» How to complete this task
Return the entire listing exactly, leaving nothing out.

» Material provided
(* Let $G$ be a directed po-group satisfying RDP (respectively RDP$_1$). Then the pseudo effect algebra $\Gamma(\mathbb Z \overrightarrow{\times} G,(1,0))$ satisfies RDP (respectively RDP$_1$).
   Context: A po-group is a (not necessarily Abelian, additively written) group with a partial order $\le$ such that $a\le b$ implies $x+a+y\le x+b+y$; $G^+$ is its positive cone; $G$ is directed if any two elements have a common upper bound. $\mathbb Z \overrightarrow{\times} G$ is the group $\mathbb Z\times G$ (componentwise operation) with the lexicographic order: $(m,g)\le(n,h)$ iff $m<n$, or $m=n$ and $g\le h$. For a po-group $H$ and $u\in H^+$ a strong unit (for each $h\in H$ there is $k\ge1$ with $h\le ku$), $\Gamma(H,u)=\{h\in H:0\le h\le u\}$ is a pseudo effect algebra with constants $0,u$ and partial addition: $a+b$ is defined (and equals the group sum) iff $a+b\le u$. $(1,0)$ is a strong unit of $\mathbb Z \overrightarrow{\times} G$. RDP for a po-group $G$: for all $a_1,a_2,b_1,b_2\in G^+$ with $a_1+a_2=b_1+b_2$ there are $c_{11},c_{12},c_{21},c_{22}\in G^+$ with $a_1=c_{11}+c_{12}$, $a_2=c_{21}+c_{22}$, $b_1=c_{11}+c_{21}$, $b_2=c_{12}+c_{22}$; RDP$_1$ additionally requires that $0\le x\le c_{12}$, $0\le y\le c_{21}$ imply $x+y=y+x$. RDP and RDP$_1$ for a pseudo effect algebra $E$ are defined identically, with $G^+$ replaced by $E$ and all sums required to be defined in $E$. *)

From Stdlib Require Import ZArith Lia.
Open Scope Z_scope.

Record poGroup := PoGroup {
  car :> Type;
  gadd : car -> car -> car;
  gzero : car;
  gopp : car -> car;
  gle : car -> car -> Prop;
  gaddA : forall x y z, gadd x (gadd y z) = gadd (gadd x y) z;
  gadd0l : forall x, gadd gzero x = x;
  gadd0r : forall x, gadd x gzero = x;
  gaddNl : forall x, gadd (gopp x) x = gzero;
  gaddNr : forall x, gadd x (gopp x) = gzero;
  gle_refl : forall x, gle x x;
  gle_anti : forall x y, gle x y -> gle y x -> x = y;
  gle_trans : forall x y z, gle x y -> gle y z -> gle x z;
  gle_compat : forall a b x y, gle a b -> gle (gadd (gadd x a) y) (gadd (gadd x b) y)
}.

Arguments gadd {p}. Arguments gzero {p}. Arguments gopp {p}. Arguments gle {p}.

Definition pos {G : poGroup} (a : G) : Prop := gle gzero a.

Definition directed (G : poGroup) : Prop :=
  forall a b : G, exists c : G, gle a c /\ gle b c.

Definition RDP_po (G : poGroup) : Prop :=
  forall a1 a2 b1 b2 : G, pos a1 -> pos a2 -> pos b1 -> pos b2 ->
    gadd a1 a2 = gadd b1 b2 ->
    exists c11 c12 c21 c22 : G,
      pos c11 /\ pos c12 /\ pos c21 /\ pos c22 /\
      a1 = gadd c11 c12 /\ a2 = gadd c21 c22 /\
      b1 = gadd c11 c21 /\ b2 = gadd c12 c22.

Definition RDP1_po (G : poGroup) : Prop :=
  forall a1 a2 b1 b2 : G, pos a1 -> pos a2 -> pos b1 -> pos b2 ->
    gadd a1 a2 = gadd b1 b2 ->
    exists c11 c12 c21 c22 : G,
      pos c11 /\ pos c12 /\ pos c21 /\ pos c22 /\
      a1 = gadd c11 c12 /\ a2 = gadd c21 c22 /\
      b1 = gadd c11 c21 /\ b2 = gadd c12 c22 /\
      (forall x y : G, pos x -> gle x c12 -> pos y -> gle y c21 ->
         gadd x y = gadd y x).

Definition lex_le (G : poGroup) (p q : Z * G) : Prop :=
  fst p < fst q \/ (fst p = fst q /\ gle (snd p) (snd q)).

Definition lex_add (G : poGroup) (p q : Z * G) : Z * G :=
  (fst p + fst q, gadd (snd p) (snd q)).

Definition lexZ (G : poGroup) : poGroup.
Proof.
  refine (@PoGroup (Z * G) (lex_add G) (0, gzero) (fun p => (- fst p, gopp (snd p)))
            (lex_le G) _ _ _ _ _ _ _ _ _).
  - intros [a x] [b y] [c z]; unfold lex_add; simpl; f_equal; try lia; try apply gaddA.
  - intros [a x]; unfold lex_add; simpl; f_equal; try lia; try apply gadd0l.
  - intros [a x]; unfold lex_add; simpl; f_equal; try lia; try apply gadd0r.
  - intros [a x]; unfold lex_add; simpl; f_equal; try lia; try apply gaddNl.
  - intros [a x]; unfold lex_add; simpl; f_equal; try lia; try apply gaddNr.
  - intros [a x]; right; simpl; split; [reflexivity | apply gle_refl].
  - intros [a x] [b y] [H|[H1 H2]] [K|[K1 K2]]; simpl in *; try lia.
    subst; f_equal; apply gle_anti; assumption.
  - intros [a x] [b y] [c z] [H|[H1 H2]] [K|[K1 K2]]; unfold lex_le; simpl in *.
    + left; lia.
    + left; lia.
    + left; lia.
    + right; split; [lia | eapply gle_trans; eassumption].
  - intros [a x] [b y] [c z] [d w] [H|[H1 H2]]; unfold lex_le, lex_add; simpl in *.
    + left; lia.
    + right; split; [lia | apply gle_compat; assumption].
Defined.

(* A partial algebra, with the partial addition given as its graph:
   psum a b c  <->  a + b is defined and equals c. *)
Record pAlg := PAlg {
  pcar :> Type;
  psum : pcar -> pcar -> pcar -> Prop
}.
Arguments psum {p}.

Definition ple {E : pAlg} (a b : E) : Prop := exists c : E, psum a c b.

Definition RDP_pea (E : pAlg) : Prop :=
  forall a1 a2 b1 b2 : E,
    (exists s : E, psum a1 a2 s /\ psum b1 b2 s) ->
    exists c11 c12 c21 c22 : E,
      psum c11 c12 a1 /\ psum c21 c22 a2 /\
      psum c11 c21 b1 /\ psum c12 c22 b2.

» Task solution
(* Let $G$ be a directed po-group satisfying RDP (respectively RDP$_1$). Then the pseudo effect algebra $\Gamma(\mathbb Z \overrightarrow{\times} G,(1,0))$ satisfies RDP (respectively RDP$_1$).
   Context: A po-group is a (not necessarily Abelian, additively written) group with a partial order $\le$ such that $a\le b$ implies $x+a+y\le x+b+y$; $G^+$ is its positive cone; $G$ is directed if any two elements have a common upper bound. $\mathbb Z \overrightarrow{\times} G$ is the group $\mathbb Z\times G$ (componentwise operation) with the lexicographic order: $(m,g)\le(n,h)$ iff $m<n$, or $m=n$ and $g\le h$. For a po-group $H$ and $u\in H^+$ a strong unit (for each $h\in H$ there is $k\ge1$ with $h\le ku$), $\Gamma(H,u)=\{h\in H:0\le h\le u\}$ is a pseudo effect algebra with constants $0,u$ and partial addition: $a+b$ is defined (and equals the group sum) iff $a+b\le u$. $(1,0)$ is a strong unit of $\mathbb Z \overrightarrow{\times} G$. RDP for a po-group $G$: for all $a_1,a_2,b_1,b_2\in G^+$ with $a_1+a_2=b_1+b_2$ there are $c_{11},c_{12},c_{21},c_{22}\in G^+$ with $a_1=c_{11}+c_{12}$, $a_2=c_{21}+c_{22}$, $b_1=c_{11}+c_{21}$, $b_2=c_{12}+c_{22}$; RDP$_1$ additionally requires that $0\le x\le c_{12}$, $0\le y\le c_{21}$ imply $x+y=y+x$. RDP and RDP$_1$ for a pseudo effect algebra $E$ are defined identically, with $G^+$ replaced by $E$ and all sums required to be defined in $E$. *)

From Stdlib Require Import ZArith Lia.
Open Scope Z_scope.

Record poGroup := PoGroup {
  car :> Type;
  gadd : car -> car -> car;
  gzero : car;
  gopp : car -> car;
  gle : car -> car -> Prop;
  gaddA : forall x y z, gadd x (gadd y z) = gadd (gadd x y) z;
  gadd0l : forall x, gadd gzero x = x;
  gadd0r : forall x, gadd x gzero = x;
  gaddNl : forall x, gadd (gopp x) x = gzero;
  gaddNr : forall x, gadd x (gopp x) = gzero;
  gle_refl : forall x, gle x x;
  gle_anti : forall x y, gle x y -> gle y x -> x = y;
  gle_trans : forall x y z, gle x y -> gle y z -> gle x z;
  gle_compat : forall a b x y, gle a b -> gle (gadd (gadd x a) y) (gadd (gadd x b) y)
}.

Arguments gadd {p}. Arguments gzero {p}. Arguments gopp {p}. Arguments gle {p}.

Definition pos {G : poGroup} (a : G) : Prop := gle gzero a.

Definition directed (G : poGroup) : Prop :=
  forall a b : G, exists c : G, gle a c /\ gle b c.

Definition RDP_po (G : poGroup) : Prop :=
  forall a1 a2 b1 b2 : G, pos a1 -> pos a2 -> pos b1 -> pos b2 ->
    gadd a1 a2 = gadd b1 b2 ->
    exists c11 c12 c21 c22 : G,
      pos c11 /\ pos c12 /\ pos c21 /\ pos c22 /\
      a1 = gadd c11 c12 /\ a2 = gadd c21 c22 /\
      b1 = gadd c11 c21 /\ b2 = gadd c12 c22.

Definition RDP1_po (G : poGroup) : Prop :=
  forall a1 a2 b1 b2 : G, pos a1 -> pos a2 -> pos b1 -> pos b2 ->
    gadd a1 a2 = gadd b1 b2 ->
    exists c11 c12 c21 c22 : G,
      pos c11 /\ pos c12 /\ pos c21 /\ pos c22 /\
      a1 = gadd c11 c12 /\ a2 = gadd c21 c22 /\
      b1 = gadd c11 c21 /\ b2 = gadd c12 c22 /\
      (forall x y : G, pos x -> gle x c12 -> pos y -> gle y c21 ->
         gadd x y = gadd y x).

Definition lex_le (G : poGroup) (p q : Z * G) : Prop :=
  fst p < fst q \/ (fst p = fst q /\ gle (snd p) (snd q)).

Definition lex_add (G : poGroup) (p q : Z * G) : Z * G :=
  (fst p + fst q, gadd (snd p) (snd q)).

Definition lexZ (G : poGroup) : poGroup.
Proof.
  refine (@PoGroup (Z * G) (lex_add G) (0, gzero) (fun p => (- fst p, gopp (snd p)))
            (lex_le G) _ _ _ _ _ _ _ _ _).
  - intros [a x] [b y] [c z]; unfold lex_add; simpl; f_equal; try lia; try apply gaddA.
  - intros [a x]; unfold lex_add; simpl; f_equal; try lia; try apply gadd0l.
  - intros [a x]; unfold lex_add; simpl; f_equal; try lia; try apply gadd0r.
  - intros [a x]; unfold lex_add; simpl; f_equal; try lia; try apply gaddNl.
  - intros [a x]; unfold lex_add; simpl; f_equal; try lia; try apply gaddNr.
  - intros [a x]; right; simpl; split; [reflexivity | apply gle_refl].
  - intros [a x] [b y] [H|[H1 H2]] [K|[K1 K2]]; simpl in *; try lia.
    subst; f_equal; apply gle_anti; assumption.
  - intros [a x] [b y] [c z] [H|[H1 H2]] [K|[K1 K2]]; unfold lex_le; simpl in *.
    + left; lia.
    + left; lia.
    + left; lia.
    + right; split; [lia | eapply gle_trans; eassumption].
  - intros [a x] [b y] [c z] [d w] [H|[H1 H2]]; unfold lex_le, lex_add; simpl in *.
    + left; lia.
    + right; split; [lia | apply gle_compat; assumption].
Defined.

(* A partial algebra, with the partial addition given as its graph:
   psum a b c  <->  a + b is defined and equals c. *)
Record pAlg := PAlg {
  pcar :> Type;
  psum : pcar -> pcar -> pcar -> Prop
}.
Arguments psum {p}.

Definition ple {E : pAlg} (a b : E) : Prop := exists c : E, psum a c b.

Definition RDP_pea (E : pAlg) : Prop :=
  forall a1 a2 b1 b2 : E,
    (exists s : E, psum a1 a2 s /\ psum b1 b2 s) ->
    exists c11 c12 c21 c22 : E,
      psum c11 c12 a1 /\ psum c21 c22 a2 /\
      psum c11 c21 b1 /\ psum c12 c22 b2.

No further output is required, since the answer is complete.